#### [DATASET RECORDS]
Lemma xlnx_split (a b : R) : 0 < a <= b ->
  a * ln a + b * ln b + 2 * a * ln 2 <= (a + b) * ln (a + b).
Proof.
(* With [s = a + b], use [ln u >= 1 - 1/u] at [u = s/(2a)], and at
   [u = s/b] if [2a <= b], at [u = s/(2b)] otherwise. *)
move=> [a_gt0 le_ab]; set s := a + b.
have s_gt0 : 0 < s by rewrite /s; lra.
have ln2_gt : / 2 < ln 2 := ln_lt_2.
have ln2_le := ln2_le1.
have ln_2a : ln (2 * a) = ln 2 + ln a by rewrite ln_mult; lra.
have ln_2b : ln (2 * b) = ln 2 + ln b by rewrite ln_mult; lra.
have ha := @sub_le_mul_ln_ratio s (2 * a) s_gt0 ltac:(lra).
rewrite ln_2a in ha.
apply: (Rmult_le_reg_l s) => //.
have a_ha := Rmult_le_compat_l a _ _ (Rlt_le _ _ a_gt0) ha.
case: (Rle_lt_dec (2 * a) b) => hb.
- have hb' := @sub_le_mul_ln_ratio s b s_gt0 ltac:(lra).
  have b_hb' := Rmult_le_compat_l b _ _ ltac:(lra) hb'.
  have : 0 <= a * s * (1 - ln 2) by apply: Rmult_le_pos; nra.
  have : 0 <= a * (b - 2 * a) by nra.
  rewrite /s in a_ha b_hb' *; nra.
- have hb' := @sub_le_mul_ln_ratio s (2 * b) s_gt0 ltac:(lra).
  rewrite ln_2b in hb'.
  have b_hb' := Rmult_le_compat_l b _ _ ltac:(lra) hb'.
  have : 0 <= (b - a) * (s * ln 2 - (b - a)) by apply: Rmult_le_pos; rewrite /s; nra.
  rewrite /s in a_ha b_hb' *; nra.
Qed.

Lemma nlnn0 : nlnn 0 = 0.
Proof. by rewrite /nlnn Rmult_0_l. Qed.

Lemma nlnn_ge0 (k : nat) : 0 <= nlnn k.
Proof.
case: k => [|k]; first by rewrite nlnn0; lra.
apply: Rmult_le_pos; first exact: pos_INR.
by rewrite -ln_1; apply: ln_le; [lra | rewrite S_INR; have := pos_INR k; lra].
Qed.

Lemma nlnn_split (a b m : nat) : (m <= a)%nat -> (m <= b)%nat ->
  nlnn a + nlnn b + INR m * (2 * ln 2) <= nlnn (a + b).
Proof.
wlog le_ab : a b / (a <= b)%nat => [W|] ma mb.
  case: (leqP a b) => [|/ltnW] h; first exact: W.
  by rewrite addnC (Rplus_comm (nlnn a)); apply: W.
case: a => [|a] in le_ab ma *.
  by move: ma; rewrite leqn0 => /eqP ->; rewrite nlnn0 add0n Rmult_0_l; lra.
have ma' := le_INR _ _ (elimT leP ma).
have ab' := le_INR _ _ (elimT leP le_ab).
have a_gt0 : 0 < INR a.+1 by apply: lt_0_INR; apply/ltP.
have := xlnx_split (conj a_gt0 ab').
have := ln_lt_2.
rewrite /nlnn plus_INR; nra.
Qed.

Lemma nlnn_le_mul_ln (k N : nat) : (k <= N)%nat -> nlnn k <= INR k * ln (INR N).
Proof.
case: k => [|k] le_kN; first by rewrite nlnn0 Rmult_0_l; lra.
apply: Rmult_le_compat_l; first exact: pos_INR.
by apply: ln_le; [apply/lt_0_INR/ltP | apply/le_INR/leP].
Qed.

Lemma INR_sum_mul_le (I : finType) (a b : I -> nat) (K r : R) :
  (forall i, INR (a i) * K <= INR (b i) * r) ->
  INR (\sum_i a i) * K <= INR (\sum_i b i) * r.
Proof.
move=> le_ab; elim/big_rec2: _ => [|i x y _ IH]; first by rewrite !Rmult_0_l; lra.
by rewrite !plus_INR; have := le_ab i; lra.
Qed.

Lemma INR_expn (m k : nat) : INR (expn m k) = INR m ^ k.
Proof. by elim: k => [|k IH]; rewrite ?expn0 // expnS mult_INR IH. Qed.

Lemma pow_succ_le_exp1 (d : nat) : INR d.+1 ^ d <= exp 1 * INR d ^ d.
Proof.
case: d => [|d]; first by have := exp_ineq1_le 1; rewrite /= Rmult_1_r; lra.
set D := INR d.+1.
have D_gt0 : 0 < D by apply: lt_0_INR; apply/ltP.
have exp_invD : exp (/ D) ^ d.+1 = exp 1.
  rewrite -(exp_ln (exp (/ D) ^ d.+1)); last exact/pow_lt/exp_pos.
  by rewrite ln_pow ?ln_exp -/D; [congr exp; field; lra | exact: exp_pos].
have succ_le : INR d.+2 <= D * exp (/ D).
  have := exp_ineq1_le (/ D); rewrite S_INR -/D => h.
  have -> : D + 1 = D * (1 + / D) by field; lra.
  by apply: Rmult_le_compat_l; lra.
rewrite -exp_invD -Rpow_mult_distr Rmult_comm.
by apply: pow_incr; split; [exact: pos_INR |].
Qed.
End RealBounds.

(* A triple [(y, (a, b))] is a triangle with apex [y] and base [ab]; [red y x]
   tells on which side of the apex [y] the vertex [x] lies. *)
Section SeparatedTriples.
Variables (V L : finType) (red : L -> V -> bool).
Notation triple := (L * (V * V))%type.

Definition shares_vertex (t t' : triple) : bool :=
  [|| t.2.1 == t'.2.1, t.2.1 == t'.2.2, t.2.2 == t'.2.1 | t.2.2 == t'.2.2].

Definition based_in (Z : {set V}) (E : {set triple}) : Prop :=
  {in E, forall t, (t.2.1 \in Z) && (t.2.2 \in Z)}.

Definition separating (E : {set triple}) : Prop :=
  [/\ {in E, forall t, red t.1 t.2.1 != red t.1 t.2.2},
      {in E &, forall t t', t.1 != t'.1 -> red t'.1 t.2.1 = red t'.1 t.2.2}
    & {in E &, forall t t', t.1 = t'.1 -> shares_vertex t t' -> t = t'}].

Lemma separatingS (E E' : {set triple}) : E' \subset E -> separating E -> separating E'.
Proof.
move=> /subsetP sE [sep foreign matching]; split=> [t /sE|t t' /sE + /sE|t t' /sE + /sE].
- exact: sep.
- exact: foreign.
- exact: matching.
Qed.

#### [WHAT THE TASK REQUIRES]
With the line that contains "Definition based_in (Z" as the starting point, output each line exactly through the end of the listing above.

#### [SOLVED EXERCISE]
Definition based_in (Z : {set V}) (E : {set triple}) : Prop :=
  {in E, forall t, (t.2.1 \in Z) && (t.2.2 \in Z)}.

Definition separating (E : {set triple}) : Prop :=
  [/\ {in E, forall t, red t.1 t.2.1 != red t.1 t.2.2},
      {in E &, forall t t', t.1 != t'.1 -> red t'.1 t.2.1 = red t'.1 t.2.2}
    & {in E &, forall t t', t.1 = t'.1 -> shares_vertex t t' -> t = t'}].

Lemma separatingS (E E' : {set triple}) : E' \subset E -> separating E -> separating E'.
Proof.
move=> /subsetP sE [sep foreign matching]; split=> [t /sE|t t' /sE + /sE|t t' /sE + /sE].
- exact: sep.
- exact: foreign.
- exact: matching.
Qed.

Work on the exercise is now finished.